The careful reader will notice the caveats in the statements about the public nature of wills in the opening paragraph. (Lawyers always equivocate. We can’t help it. It’s what we were taught in law school.) There is a way to have your will kept from prying public eyes, as we have seen in celebrity cases. A famous example is the Hearst will (although there was a motion to unseal these documents, because big money is involved). The process to have your will kept private after your death requires that your executor hire a probate attorney to petition the court to have your will sealed. This is neither a simple nor common process.
In order for the court to rule in favor of keeping your will private, California rules of court require that there must be an overriding interest that trumps the public’s right to access information. Your executor’s attorney must also show that the overriding interest would be substantially prejudiced if the will was not sealed. And as if that’s not difficult enough, your executor’s attorney must also show that sealing the will is the only way to go, i.e. there is no other way to protect the overriding interest.

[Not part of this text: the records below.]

(* Let $L$ be a pentagonal linkage with positive charges $q_1,\dots,q_5>0$ at the vertices and effective Coulomb potential $E=\frac{q_2q_5}{b_1}+\frac{q_1q_3}{b_2}+\frac{q_2q_4}{b_3}+\frac{q_3q_5}{b_4}+\frac{q_1q_4}{b_5}$. Let $X_k=\{P\in\overline{M^C}(L): b_4=k\}$ be a slice, parameterized on its relative interior by $x_2$. Then $\frac{d^2}{dx_2^2}\big(E|_{X_k}\big)>0$ on the relative interior of $X_k$.
   Context: A pentagonal linkage $L$ is given by side lengths $a_1,\dots,a_5>0$; $M(L)$ is the set of planar 5-gons $(A_1,\dots,A_5)$ with $|A_iA_{i+1}|=a_i$ (indices mod 5) modulo all isometries of $\mathbb{R}^2$; $M^C(L)$ is the set of strictly convex configurations (convex pentagon $A_1\dots A_5$ in this cyclic order, no angle equal to $\pi$) and $\overline{M^C}(L)$ its closure. $b_i=|A_{i-1}A_{i+1}|$, $x_i=b_i^2$ (indices mod 5). *)

From Stdlib Require Import Reals Lra Arith.
From Coquelicot Require Import Coquelicot.
Open Scope R_scope.

(* A planar 5-gon is given by A : nat -> R*R ; the vertex A_i of the paper
   (indices mod 5, paper numbering 1..5) is  pt A i := A (i mod 5),
   so A_5 = A_0 = A 0. *)
Definition pt (A : nat -> R * R) (i : nat) : R * R := A (i mod 5)%nat.

Definition dist2 (P Q : R * R) : R :=
  Rsqr (fst P - fst Q) + Rsqr (snd P - snd Q).
Definition dist (P Q : R * R) : R := sqrt (dist2 P Q).

Definition cross (P Q S : R * R) : R :=
  (fst Q - fst P) * (snd S - snd P) - (snd Q - snd P) * (fst S - fst P).

Definition has_sides (a : nat -> R) (A : nat -> R * R) : Prop :=
  forall i, (1 <= i <= 5)%nat -> dist (pt A i) (pt A (S i)) = a i.

Definition strictly_convex (A : nat -> R * R) : Prop :=
  exists s : R, (s = 1 \/ s = -1) /\
    forall i j : nat, (1 <= i <= 5)%nat -> (1 <= j <= 5)%nat ->
      (j mod 5 <> i mod 5)%nat -> (j mod 5 <> (S i) mod 5)%nat ->
      0 < s * cross (pt A i) (pt A (S i)) (pt A j).

(* configurations of M^C(L) (representatives) *)
Definition in_MC (a : nat -> R) (A : nat -> R * R) : Prop :=
  has_sides a A /\ strictly_convex A.

(* Since M^C(L) is
   isometry invariant and the quotient map by isometries is open, this is
   the preimage of the closure of M^C(L) in M(L). *)
Definition in_closure_MC (a : nat -> R) (A : nat -> R * R) : Prop :=
  has_sides a A /\
  forall eps, 0 < eps ->
    exists B, in_MC a B /\
      forall i, (1 <= i <= 5)%nat -> dist (pt A i) (pt B i) < eps.

(* diagonals b_i = |A_{i-1} A_{i+1}|, x_i = b_i^2 *)
Definition b (A : nat -> R * R) (i : nat) : R := dist (pt A (i + 4)) (pt A (S i)).
Definition x (A : nat -> R * R) (i : nat) : R := Rsqr (b A i).

Definition energy (q : nat -> R) (A : nat -> R * R) : R :=
  q 2%nat * q 5%nat / b A 1 + q 1%nat * q 3%nat / b A 2
  + q 2%nat * q 4%nat / b A 3 + q 3%nat * q 5%nat / b A 4
  + q 1%nat * q 4%nat / b A 5.

Definition in_slice (a : nat -> R) (k : R) (A : nat -> R * R) : Prop :=
  in_closure_MC a A /\ b A 4 = k.

Definition interior_pt (I : R -> Prop) (t : R) : Prop :=
  exists d, 0 < d /\ forall u, Rabs (u - t) < d -> I u.

(* Fix b_4 = k > 0 and place A_3 at the origin.  The side lengths determine the dot
   products and the squared cross products of A_5, A_1, A_2, A_4 as functions of x = x_2,
   and convexity, which survives in the closure as a sign condition on cross products,
   fixes the signs.  Hence x_1, x_3, x_5 are explicit functions of x, and each is concave:
   x_1 = a_2^2 + k^2 - 2 A_5.A_2 where A_5.A_2 is convex in x (its second derivative is a
   sum of squares), x_5 is affine plus a nonnegative multiple of the square root of a
   concave quadratic, and x_3 is a concave nonincreasing function of A_5.A_2.  So every
   term c / sqrt x_i of the energy is convex in x, and q_1 q_3 / sqrt x_2 is strictly
   convex.  On the relative interior of the slice the configuration is nondegenerate,
   since the squared cross products are concave quadratics that are nonnegative on a
   neighbourhood; the boundary cases x_2 = 0 and b_4 = 0 have forced shape and constant
   energy. *)

From Stdlib Require Import Reals Lra Psatz IndefiniteDescription.
From Coquelicot Require Import Coquelicot.
Open Scope R_scope.

Lemma locally_Rabs (P : R -> Prop) (t : R) :
  locally t P <-> exists d, 0 < d /\ forall u, Rabs (u - t) < d -> P u.
Proof.
  split.
  - intros [e He]. exists e. split; [apply cond_pos | exact He].
  - intros [d [Hd H]]. exists (mkposreal d Hd). exact H.
Qed.

Definition is_derive2_near (f f1 f2 : R -> R) (t : R) : Prop :=
  locally t (fun u => is_derive f u (f1 u) /\ is_derive f1 u (f2 u)).

Lemma is_derive_eq (f : R -> R) (u l l' : R) :
  is_derive f u l -> l = l' -> is_derive f u l'.
Proof. intros H <-. exact H. Qed.

Lemma is_derive_Rmult (f g : R -> R) (u df dg : R) :
  is_derive f u df -> is_derive g u dg ->
  is_derive (fun v => f v * g v) u (df * g u + f u * dg).
Proof. intros Hf Hg. exact (is_derive_mult f g u df dg Hf Hg Rmult_comm). Qed.

Section SecondDerivative.

Variable t : R.

Lemma is_derive2_near_Derive_n (f f1 f2 : R -> R) :
  is_derive2_near f f1 f2 t ->
  locally t (ex_derive f) /\ ex_derive_n f 2 t /\ Derive_n f 2 t = f2 t.
Proof.
  intros H.
  assert (HD1 : locally t (fun u => Derive_n f 1 u = f1 u)).
  { apply (filter_imp _ _ (fun u Hu => is_derive_unique _ _ _ (proj1 Hu)) H). }
  split; [|split].
  - apply (filter_imp _ _ (fun u Hu => ex_intro _ (f1 u) (proj1 Hu)) H).
  - apply (ex_derive_ext_loc f1).
    + apply (filter_imp _ _ (fun u Hu => eq_sym Hu) HD1).
    + exists (f2 t). apply (locally_singleton _ _ H).
  - change (Derive (Derive_n f 1) t = f2 t).
    rewrite (Derive_ext_loc _ f1 t HD1).
    apply is_derive_unique, (locally_singleton _ _ H).
Qed.

Lemma is_derive2_near_ext (f g f1 f2 : R -> R) :
  locally t (fun u => f u = g u) ->
  is_derive2_near f f1 f2 t -> is_derive2_near g f1 f2 t.
Proof.
  intros Hfg H. apply locally_locally in Hfg.
  unfold is_derive2_near in *. generalize (filter_and _ _ Hfg H). apply filter_imp.
  intros u [Hu [H1 H2]]. split; [apply (is_derive_ext_loc f) |]; assumption.
Qed.

Lemma is_derive2_near_const (c : R) :
  is_derive2_near (fun _ => c) (fun _ => 0) (fun _ => 0) t.
Proof.
  unfold is_derive2_near. apply filter_forall. intros u.
  split; exact (is_derive_const _ u).
Qed.

Lemma is_derive2_near_id : is_derive2_near (fun u => u) (fun _ => 1) (fun _ => 0) t.
Proof.
  unfold is_derive2_near. apply filter_forall. intros u.
  split; [exact (is_derive_id u) | exact (is_derive_const _ u)].
Qed.

Lemma is_derive2_near_plus (f f1 f2 g g1 g2 : R -> R) :
  is_derive2_near f f1 f2 t -> is_derive2_near g g1 g2 t ->
  is_derive2_near (fun u => f u + g u) (fun u => f1 u + g1 u) (fun u => f2 u + g2 u) t.
Proof.
  unfold is_derive2_near. intros Hf Hg. generalize (filter_and _ _ Hf Hg). apply filter_imp.
  intros u [[F1 F2] [G1 G2]].
  split; [exact (is_derive_plus _ _ u _ _ F1 G1) | exact (is_derive_plus _ _ u _ _ F2 G2)].
Qed.

Lemma is_derive2_near_scal (c : R) (f f1 f2 : R -> R) :
  is_derive2_near f f1 f2 t ->
  is_derive2_near (fun u => c * f u) (fun u => c * f1 u) (fun u => c * f2 u) t.
Proof.
  unfold is_derive2_near. apply filter_imp. intros u [F1 F2].
  split; apply is_derive_scal; assumption.
Qed.

Lemma is_derive2_near_mult (f f1 f2 g g1 g2 : R -> R) :
  is_derive2_near f f1 f2 t -> is_derive2_near g g1 g2 t ->
  is_derive2_near (fun u => f u * g u) (fun u => f1 u * g u + f u * g1 u)
    (fun u => f2 u * g u + 2 * (f1 u * g1 u) + f u * g2 u) t.
Proof.
  unfold is_derive2_near. intros Hf Hg. generalize (filter_and _ _ Hf Hg). apply filter_imp.
  intros u [[F1 F2] [G1 G2]]. split; [apply is_derive_Rmult; assumption|].
  eapply is_derive_eq.
  - exact (is_derive_plus _ _ u _ _ (is_derive_Rmult _ _ u _ _ F2 G1)
                                   (is_derive_Rmult _ _ u _ _ F1 G2)).
  - simpl. unfold plus; simpl. ring.
Qed.

Lemma is_derive2_near_comp (phi phi1 phi2 : R -> R) (Dom : R -> Prop)
    (f f1 f2 : R -> R) :
  (forall y, Dom y -> is_derive phi y (phi1 y) /\ is_derive phi1 y (phi2 y)) ->
  is_derive2_near f f1 f2 t -> locally t (fun u => Dom (f u)) ->
  is_derive2_near (fun u => phi (f u)) (fun u => phi1 (f u) * f1 u)
    (fun u => phi2 (f u) * (f1 u * f1 u) + phi1 (f u) * f2 u) t.
Proof.
  unfold is_derive2_near. intros Hphi Hf HDom. generalize (filter_and _ _ Hf HDom).
  apply filter_imp. intros u [[F1 F2] Hu]. destruct (Hphi _ Hu) as [P1 P2].
  assert (C2 := is_derive_comp phi1 f u _ _ P2 F1).
  split.
  - eapply is_derive_eq; [exact (is_derive_comp phi f u _ _ P1 F1)|].
    simpl. unfold scal; simpl. unfold mult; simpl. ring.
  - eapply is_derive_eq; [exact (is_derive_Rmult _ _ u _ _ C2 F2)|].
    simpl. unfold scal; simpl. unfold mult; simpl. ring.
Qed.

End SecondDerivative.

Lemma locally_gt0 (t : R) : 0 < t -> locally t (fun u => 0 < u).
Proof.
  intros Ht. apply locally_Rabs. exists t. split; [exact Ht|].
  intros u Hu. apply Rabs_def2 in Hu. lra.
Qed.

Lemma is_derive2_sqrt (y : R) : 0 < y ->
  is_derive sqrt y (/ (2 * sqrt y)) /\
  is_derive (fun z => / (2 * sqrt z)) y (- / (4 * y * sqrt y)).
Proof.
  intros Hy. assert (Hs := sqrt_lt_R0 y Hy). assert (Hss := sqrt_sqrt y (Rlt_le _ _ Hy)).
  split.
  - auto_derive; [exact Hy|]. field. lra.
  - auto_derive; [split; [exact Hy | lra]|]. remember (sqrt y) as s. rewrite <- Hss. field. lra.
Qed.

Lemma is_derive2_inv_sqrt (y : R) : 0 < y ->
  is_derive (fun z => / sqrt z) y (- / (2 * y * sqrt y)) /\
  is_derive (fun z => - / (2 * z * sqrt z)) y (3 / (4 * y * y * sqrt y)).
Proof.
  intros Hy. assert (Hs := sqrt_lt_R0 y Hy). assert (Hss := sqrt_sqrt y (Rlt_le _ _ Hy)).
  split.
  - auto_derive; [split; [exact Hy | lra]|]. remember (sqrt y) as s. rewrite <- Hss. field. lra.
  - auto_derive; [repeat split; try lra; nra|]. remember (sqrt y) as s. rewrite <- Hss. field. lra.
Qed.

Definition convex_at (f : R -> R) (t : R) : Prop :=
  exists f1 f2, is_derive2_near f f1 f2 t /\ 0 <= f2 t.
Definition strictly_convex_at (f : R -> R) (t : R) : Prop :=
  exists f1 f2, is_derive2_near f f1 f2 t /\ 0 < f2 t.
Definition concave_at (f : R -> R) (t : R) : Prop :=
  exists f1 f2, is_derive2_near f f1 f2 t /\ f2 t <= 0.

Section Convexity.

Variable t : R.

Lemma concave_at_ext (f g : R -> R) :
  locally t (fun u => f u = g u) -> concave_at f t -> concave_at g t.
Proof.
  intros Hfg [f1 [f2 [Hf H2]]]. exists f1, f2. split; [|exact H2].
  exact (is_derive2_near_ext t f g f1 f2 Hfg Hf).
Qed.

Lemma strictly_convex_at_ext (f g : R -> R) :
  locally t (fun u => f u = g u) -> strictly_convex_at f t -> strictly_convex_at g t.
Proof.
  intros Hfg [f1 [f2 [Hf H2]]]. exists f1, f2. split; [|exact H2].
  exact (is_derive2_near_ext t f g f1 f2 Hfg Hf).
Qed.

Lemma convex_at_const (c : R) : convex_at (fun _ => c) t.
Proof. exists (fun _ => 0), (fun _ => 0). split; [apply is_derive2_near_const | lra]. Qed.

Lemma strictly_convex_at_plus (f g : R -> R) :
  strictly_convex_at f t -> convex_at g t -> strictly_convex_at (fun u => f u + g u) t.
Proof.
  intros [f1 [f2 [Hf F]]] [g1 [g2 [Hg G]]].
  exists (fun u => f1 u + g1 u), (fun u => f2 u + g2 u).
  split; [apply is_derive2_near_plus; assumption | lra].
Qed.

Lemma convex_at_plus_strictly (f g : R -> R) :
  convex_at f t -> strictly_convex_at g t -> strictly_convex_at (fun u => f u + g u) t.
Proof.
  intros [f1 [f2 [Hf F]]] [g1 [g2 [Hg G]]].
  exists (fun u => f1 u + g1 u), (fun u => f2 u + g2 u).
  split; [apply is_derive2_near_plus; assumption | lra].
Qed.

Lemma strictly_convex_at_Derive_n (f : R -> R) :
  strictly_convex_at f t ->
  locally t (ex_derive f) /\ ex_derive_n f 2 t /\ 0 < Derive_n f 2 t.
Proof.
  intros [f1 [f2 [Hf F]]]. destruct (is_derive2_near_Derive_n t f f1 f2 Hf) as (H1 & H2 & H3).
  rewrite H3. auto.
Qed.

Lemma concave_at_plus (f g : R -> R) :
  concave_at f t -> concave_at g t -> concave_at (fun u => f u + g u) t.
Proof.
  intros [f1 [f2 [Hf F]]] [g1 [g2 [Hg G]]].
  exists (fun u => f1 u + g1 u), (fun u => f2 u + g2 u).
  split; [apply is_derive2_near_plus; assumption | lra].
Qed.

Lemma concave_at_affine (c m : R) : concave_at (fun u => c + m * u) t.
Proof.
  exists (fun _ => 0 + m * 1), (fun _ => 0 + m * 0). split; [|lra].
  apply is_derive2_near_plus; [apply is_derive2_near_const|].
  apply is_derive2_near_scal, is_derive2_near_id.
Qed.

Lemma concave_at_scal (m : R) (f : R -> R) :
  0 <= m -> concave_at f t -> concave_at (fun u => m * f u) t.
Proof.
  intros Hm [f1 [f2 [Hf F]]]. exists (fun u => m * f1 u), (fun u => m * f2 u).
  split; [apply is_derive2_near_scal; exact Hf | nra].
Qed.

Lemma concave_at_sub_convex (c m : R) (f : R -> R) :
  0 <= m -> convex_at f t -> concave_at (fun u => c - m * f u) t.
Proof.
  intros Hm [f1 [f2 [Hf F]]].
  exists (fun u => 0 + - m * f1 u), (fun u => 0 + - m * f2 u). split; [|nra].
  apply (is_derive2_near_ext t (fun u => c + - m * f u)); [apply filter_forall; intros; ring|].
  apply is_derive2_near_plus; [apply is_derive2_near_const | apply is_derive2_near_scal, Hf].
Qed.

The Estate of Harper Lee argued to the Alabama probate court that Ms. Lee had left a large and lasting public legacy through her books and that her financial matters should remain private. All the heirs and beneficiaries of Ms. Lee’s will agreed with this argument and ultimately the Alabama probate court did too.
A valuable lesson to be learned here is to create a trust if you want your estate and your wishes to remain private. A California will alone will not provide you privacy. A living trust is a common estate planning mechanism to avoid probate, maintain your privacy, and reduce estate taxes. Because even if you haven’t written an incredibly successful novel, a professionally created estate plan can kill two birds with one stone.